2. The Deep Dive (The Recent Check-Up)

The team then took a closer look at 100 of the most recent studies (published between 2022 and 2024) to see how they were actually being done. They found a mix of good news and bad news:

The Good News (Things are getting better):

  • Better Checklists: Most researchers are now using a standard checklist called PRISMA-IPD to make sure they don't miss steps, much like a pilot using a pre-flight checklist.
  • Quality Control: Most studies now check if the original experiments were done correctly (risk of bias), whereas in the past, they often skipped this.
  • Fairer Comparisons: Researchers are getting better at comparing patients fairly, ensuring they aren't mixing up "within-study" differences with "between-study" differences (a common mistake that used to skew results).

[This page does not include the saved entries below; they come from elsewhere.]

Lemma mobR_incr_piece : incr_piece a c mobR mobR_inv.
Proof.
have aac : a <= a <= c by rewrite lexx ltW.
have cac : a <= c <= c by rewrite lexx ltW.
split; [exact/mobR_fixed/mobR_den_neq0 | exact/mobR_fixed/mobR_den_neq0 | |].
- move=> x y ax xy yc.
  have hx : a <= x <= c by rewrite ax (le_trans (ltW xy) yc).
  have hy : a <= y <= c by rewrite yc (le_trans ax (ltW xy)).
  rewrite -subr_gt0 mobR_sub ?mobR_den_neq0 // divr_gt0 ?subr_gt0 //.
  have := mulr_gt0 (mobR_den_sign hx) (mobR_den_sign hy).
  have -> : (C * x + D) * (C * a + D) * ((C * y + D) * (C * a + D)) =
    (C * x + D) * (C * y + D) * (C * a + D) ^+ 2 by ring.
  by rewrite pmulr_lgt0 // exprn_even_gt0 // mobR_den_neq0.
- by move=> x /mobR_den_neq0; apply: mobRK.
Qed.
End Piece.
End RealMoebius.

Lemma mobR_inv_incr_piece (R : realType) (A B C D a c : R) :
  A * D - B * C = 1 -> a < c -> fixpoly A B C D a = 0 -> fixpoly A B C D c = 0 ->
  0 < (C * a + D) * (C * c + D) ->
  incr_piece a c (mobR_inv A B C D) (mobR A B C D).
Proof.
move=> det1 ac fa fc den_ac.
have det1' : D * A - (- B) * (- C) = 1 by rewrite -det1; ring.
have fixV x : fixpoly D (- B) (- C) A x = - fixpoly A B C D x by rewrite /fixpoly; ring.
have := @mobR_incr_piece _ _ _ _ _ det1' a c ac.
rewrite !fixV fa fc oppr0 => /(_ erefl erefl).
have -> : mobR_inv D (- B) (- C) A = mobR A B C D.
  by apply/funext => x; rewrite /mobR_inv /mobR !opprK.
apply.
have prod1 : (- C * a + A) * (- C * c + A) * ((C * a + D) * (C * c + D)) = 1.
  rewrite -[RHS](mulr1 1) -{1}(mobR_inv_den_fixed det1 fa).
  by rewrite -(mobR_inv_den_fixed det1 fc); ring.
by rewrite -(pmulr_lgt0 _ den_ac) prod1 ltr01.
Qed.

Definition bump_map (R : realType) (a c c' b : R) (f1 f2 : R -> R) :=
  patch a c f1 (patch c' b f2 id).

Section Bump.
Variable R : realType.
Variables (a c c' b : R) (f1 f2 g1 g2 : R -> R).
Hypotheses (ac : a <= c) (cc' : c < c') (c'b : c' <= b).
Hypotheses (piece1 : incr_piece a c f1 g1) (piece2 : incr_piece c' b f2 g2).
Local Notation bump := (bump_map a c c' b).

Let id_homo : {homo (@id R) : x y / x < y}. Proof. by []. Qed.

Let outer_fixed x : x <= c' -> patch c' b f2 id x = x.
Proof. by have [f2c' f2b _ _] := piece2; move=> xc'; apply: patch_out => //; left. Qed.

Lemma bump_homo : {homo bump f1 f2 : x y / x < y}.
Proof.
have [f2c' f2b _ _] := piece2.
apply: (patch_homo piece1).
- exact: (patch_homo piece2 id_homo).
- exact/outer_fixed/(le_trans ac (ltW cc')).
- exact/outer_fixed/ltW.
Qed.

Lemma bumpE_left x : a <= x <= c -> bump f1 f2 x = f1 x.
Proof. exact: patch_in. Qed.

Let bump_out x : x <= a \/ c <= x -> bump f1 f2 x = patch c' b f2 id x.
Proof.
have [f1a f1c _ _] := piece1; apply: patch_out.
- by rewrite outer_fixed // (le_trans ac (ltW cc')).
- by rewrite outer_fixed // ltW.
Qed.

Lemma bumpE_right x : c' <= x <= b -> bump f1 f2 x = f2 x.
Proof.
case/andP=> c'x xb; rewrite bump_out ?patch_in ?c'x //.
by right; apply: ltW (lt_le_trans cc' c'x).
Qed.

Lemma bumpE_id x : [\/ x <= a, c <= x <= c' | b <= x] -> bump f1 f2 x = x.
Proof.
have [f2c' f2b _ _] := piece2.
case=> [xa | /andP[cx xc'] | bx].
- by rewrite bump_out ?outer_fixed //; [apply: le_trans xa (le_trans ac (ltW cc')) | left].
- by rewrite bump_out ?outer_fixed //; right.
- have cx : c <= x := le_trans (ltW (lt_le_trans cc' c'b)) bx.
  by rewrite bump_out ?patch_out //; right.
Qed.

Lemma bump_cancel :
  incr_piece a c g1 f1 -> incr_piece c' b g2 f2 -> cancel (bump g1 g2) (bump f1 f2).
Proof.
move=> piece1' piece2'; have [g2c' g2b _ _] := piece2'.
have g_outer_fixed x : x <= c' -> patch c' b g2 id x = x.
  by move=> xc'; apply: patch_out => //; left.
apply: (patch_cancel piece1').
- exact: (patch_homo piece2' id_homo).
- exact/g_outer_fixed/(le_trans ac (ltW cc')).
- exact/g_outer_fixed/ltW.
- exact: (patch_cancel piece2' id_homo).
Qed.
End Bump.

Section IntegralPieces.
Variable R : realType.

Definition mobRM (M : mat2) : R -> R :=
  let: (a, b, c, d) := M in mobR a%:~R b%:~R c%:~R d%:~R.

Definition denM (M : mat2) (x : R) : R :=
  let: (a, b, c, d) := M in c%:~R * x + d%:~R.

Lemma mob_Some (M : mat2) (x : R) : denM M x != 0 -> mob M (Some x) = Some (mobRM M x).
Proof. by case: M => [[[a b] c] d] /= /negbTE->. Qed.

Definition id2 : mat2 := (1, 0, 0, 1).

Lemma mob_id2 (q : P1 R) : mob id2 q = q.
Proof. by case: q => [x|] //=; rewrite mul0r add0r oner_eq0 mul1r addr0 divr1. Qed.

Definition sl2z_piece (a c : R) (M : mat2) :=
  [/\ in_SL2Z M, PZ (Some a), PZ (Some c),
      forall x, a <= x <= c -> denM M x != 0 &
      exists g, incr_piece a c (mobRM M) g /\ incr_piece a c g (mobRM M)].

The Bad News (Where they are still stumbling):

  • Secret Recipes: Only about one-third of the studies published their "recipe" (a protocol) or their "cooking plan" (statistical analysis plan) before they started cooking. Without this, it's hard to know if they changed the recipe halfway through to get a better result.
  • Missing Ingredients: They often fail to look for "unpublished" studies (trials that were done but never written up). This is like trying to bake a cake but ignoring the ingredients sitting in the pantry that no one has written about yet.
  • Wasted Potential: Even though they have all the raw data, they rarely use it to check if the original data was trustworthy or to fix missing information. It's like having a high-definition camera but taking blurry photos because you didn't adjust the focus.
  • Bureaucracy: Getting the data from the original researchers is often slow and full of red tape. The experts say the process is like trying to borrow a book from a library that requires three forms, a fingerprint, and a week-long wait.

3. The Expert Roundtable (The Consensus)

The authors gathered 24 top experts (statisticians, doctors, and researchers) for a workshop to agree on how to fix these problems. They came up with a set of recommendations, which can be summarized as:

  • For the Authors (The Cooks):

    • Be Transparent: Publish your recipe and plan before you start.
    • Share the Code: If you used a computer program to crunch the numbers, share the code so others can check your math.
    • Look Everywhere: Don't just look at published papers; search for unpublished trials and try to get their data too.
    • Use the Data: Use the raw data to check for errors and missing pieces, don't just ignore them.
  • For the Teachers and Methodologists (The Librarians):

    • Build a Toolbox: Create an easy-to-use online "toolbox" with templates and examples so researchers don't have to reinvent the wheel.
    • Train More People: Teach more researchers, especially in countries where this work is rare, how to do it properly.
    • Update the Rules: The current rulebook (PRISMA-IPD) is a bit old. It needs an update to include modern requirements like checking for data integrity and handling missing data.

The Bottom Line

The paper concludes that while the "giant table" method (IPD meta-analysis) is a powerful tool for finding the best medical treatments, it is currently being underused and sometimes done poorly. The experts believe that if researchers become more transparent, share their data and plans more openly, and if the process of getting data becomes less bureaucratic, we can generate much higher quality evidence to help doctors and patients make better decisions.

In short: We have the tools to build a better map of medical evidence, but we need to stop hiding our blueprints, start looking for all the missing pieces, and make it easier for everyone to join the construction crew.